The invention relates to the field of electronic digital data processing, in particular to an unstructured data storage method, which comprises the following steps: acquiring unstructured data; identifying unstructured data and generating a main label; carrying out block storage on the unstructured data based on the main label; generating a secondary label based on the mining characteristics; retrieving and generating a mapping based on the secondary label in each storage area; and storing the mapping relation into the second storage area. Therefore, the unstructured data can be stored in blocks through the category in the main label, and then mapping can be established based on the auxiliary label and the data in all the storage areas, so that the retrieval speed and the reading and writing speed of the stored data can be improved, the use of the unstructured data is guaranteed, and the reaction speed is higher.

Description

Unstructured data storage method
Technical Field
The invention relates to the field of electronic digital data processing, in particular to an unstructured data storage method.
Background
The continuous development of computer applications has led to a dramatic increase in the amount of data, resulting in the growth of unstructured data at a much greater rate than structured data, as the data structuring process is limited by the speed of manual processing. For large-scale data which is continuously increased to reach TB and PB levels at present, better tools or technologies are needed to organize and manage files, and an efficient data organization method can help people to quickly acquire data wanted by people from background large-scale data when needed.
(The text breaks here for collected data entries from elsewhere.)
(* Let $h\in D$ be a fixed energy level and let $z_0\in\Gamma_0\cap M_h$, where $M_h=\{H_0=h\}$. Then: (i) the angle mismatch $\theta^s(z_0)-\theta^u(z_0)$ is a constant depending only on $h$ (denote it $\theta^s(h)-\theta^u(h)$); (ii) the scattering map $\sigma_0$ associated to $\Gamma_0$ is given, in the action-angle coordinates $(I,\theta)$ on $\Lambda_0$, by $\sigma_0(I,\theta)=(I,\theta+\Delta(I))$, where $\Delta(I)=\theta^s(h)-\theta^u(h)$ for $I=I_h$.
   Context: $(M,\Omega)$ is a real-analytic symplectic manifold; $H_0$ real-analytic with Hamiltonian flow $\Phi^t_0$. There is a saddle-center equilibrium $L$ and a family of Lyapunov periodic orbits $\lambda_0(h)\subset\{H_0=h\}$; $\Lambda_0=\bigcup_{h\in D}\lambda_0(h)$ ($D$ a closed interval) is a 2-dimensional normally hyperbolic invariant manifold with boundary, parametrized by symplectic action-angle coordinates $(I,\theta)$, with $\lambda_0(h)=\{I=I_h\}$ and the flow on each $\lambda_0(h)$ a rigid rotation in $\theta$. For $z$ in the unstable (resp. stable) manifold $W^u(\Lambda_0)$ (resp. $W^s(\Lambda_0)$), $z^-=\Omega^-(z)$ (resp. $z^+=\Omega^+(z)$) is the point of $\Lambda_0$ whose unstable (resp. stable) fiber contains $z$; these projections are equivariant: $\Omega^\pm(\Phi^t_0 z)=\Phi^t_0(\Omega^\pm z)$. $W^u(\Lambda_0)$ and $W^s(\Lambda_0)$ intersect transversally along a homoclinic channel $\Gamma_0$: a submanifold with $T_z\Gamma_0=T_zW^u\cap T_zW^s$, $T_zM=T_z\Gamma_0\oplus T_zW^u(z^-)\oplus T_zW^s(z^+)$, on which $\Omega^\pm$ are diffeomorphisms onto open sets $U^\pm\subset\Lambda_0$; the scattering map is $\sigma_0=\Omega^+\circ(\Omega^-|_{\Gamma_0})^{-1}:U^-\to U^+$, and for each $h$, $\Gamma_0\cap M_h$ consists of points $\Phi^t_0(z_0)$, $t$ in an interval containing $0$. Coordinates: $(I^u,\theta^u,y^u,x^u)$ are symplectic coordinates on a neighborhood of $W^u(\Lambda_0)$ and $(I^s,\theta^s,y^s,x^s)$ on a neighborhood of $W^s(\Lambda_0)$, both coinciding with the normal form coordinates $(I,\theta,y,x)$ near $\Lambda_0$ (where $\Lambda_0=\{x=y=0\}$ and $(I,\theta)$ restrict to the action-angle coordinates), with $I^u(z)=I^u(z^-)$, $\theta^u(z)=\theta^u(z^-)$ for $z\in W^u(\Lambda_0)$ and $I^s(z)=I^s(z^+)$, $\theta^s(z)=\theta^s(z^+)$ for $z\in W^s(\Lambda_0)$. *)

From HB Require Import structures.
From mathcomp Require Import all_boot all_order all_algebra.
From mathcomp Require Import all_classical all_reals all_analysis.
Set Implicit Arguments. Unset Strict Implicit. Unset Printing Implicit Defensive.
Import Order.TTheory GRing.Theory Num.Theory.
Import numFieldNormedType.Exports.
Local Open Scope classical_set_scope.
Local Open Scope ring_scope.

(* Angles are represented by real numbers; equality of angles is equality
   modulo 2*pi (i.e. equality in R / 2 pi Z). *)
Definition angle_eq {R : realType} (a b : R) : Prop :=
  exists k : int, a - b = k%:~R * (2 * pi).

Definition unstable_fiber {R : realType} {M : pseudoMetricType R}
  (Phi : R -> M -> M) (x : M) : set M :=
  [set z | forall e : R, 0 < e ->
     exists T : R, forall t : R, t <= T -> ball (Phi t x) e (Phi t z)].

Definition stable_fiber {R : realType} {M : pseudoMetricType R}
  (Phi : R -> M -> M) (x : M) : set M :=
  [set z | forall e : R, 0 < e ->
     exists T : R, forall t : R, T <= t -> ball (Phi t x) e (Phi t z)].

Definition unstable_manifold {R : realType} {M : pseudoMetricType R}
  (Phi : R -> M -> M) (Lam : set M) : set M :=
  \bigcup_(x in Lam) unstable_fiber Phi x.

Definition stable_manifold {R : realType} {M : pseudoMetricType R}
  (Phi : R -> M -> M) (Lam : set M) : set M :=
  \bigcup_(x in Lam) stable_fiber Phi x.

(* Graph of the scattering map sigma0 = Omega^+ o (Omega^- restricted to Gamma0)^{-1}
   : U^- -> U^+, where U^- = Omega^-(Gamma0). *)
Definition scattering_graph {R : realType} {M : pseudoMetricType R}
  (Gamma0 : set M) (Om Op : M -> M) (x y : M) : Prop :=
  exists z, Gamma0 z /\ Om z = x /\ Op z = y.

Definition energy_level {R : realType} {M : Type} (H0 : M -> R) (h : R) : set M :=
  [set z | H0 z = h].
The existing unstructured data are generally stored in a memory in sequence, so that the data have no relation, the retrieval time is long, and the data are difficult to use.
Disclosure of Invention
The invention aims to provide an unstructured data storage method, aims to improve the retrieval speed and the reading and writing speed of stored data, and guarantees the use of unstructured data so that the response speed is higher.
In order to achieve the above object, the present invention provides an unstructured data storage method, comprising: acquiring unstructured data;
identifying unstructured data and generating a main label;
carrying out block storage on the unstructured data based on the main label;
generating a secondary label based on the mining characteristics;
retrieving and generating a mapping based on the secondary label in each storage area;
and storing the mapping relation into the second storage area.
The specific mode of acquiring the unstructured data is to acquire the unstructured data from data channels such as websites, computer programs and mobile phone APPs.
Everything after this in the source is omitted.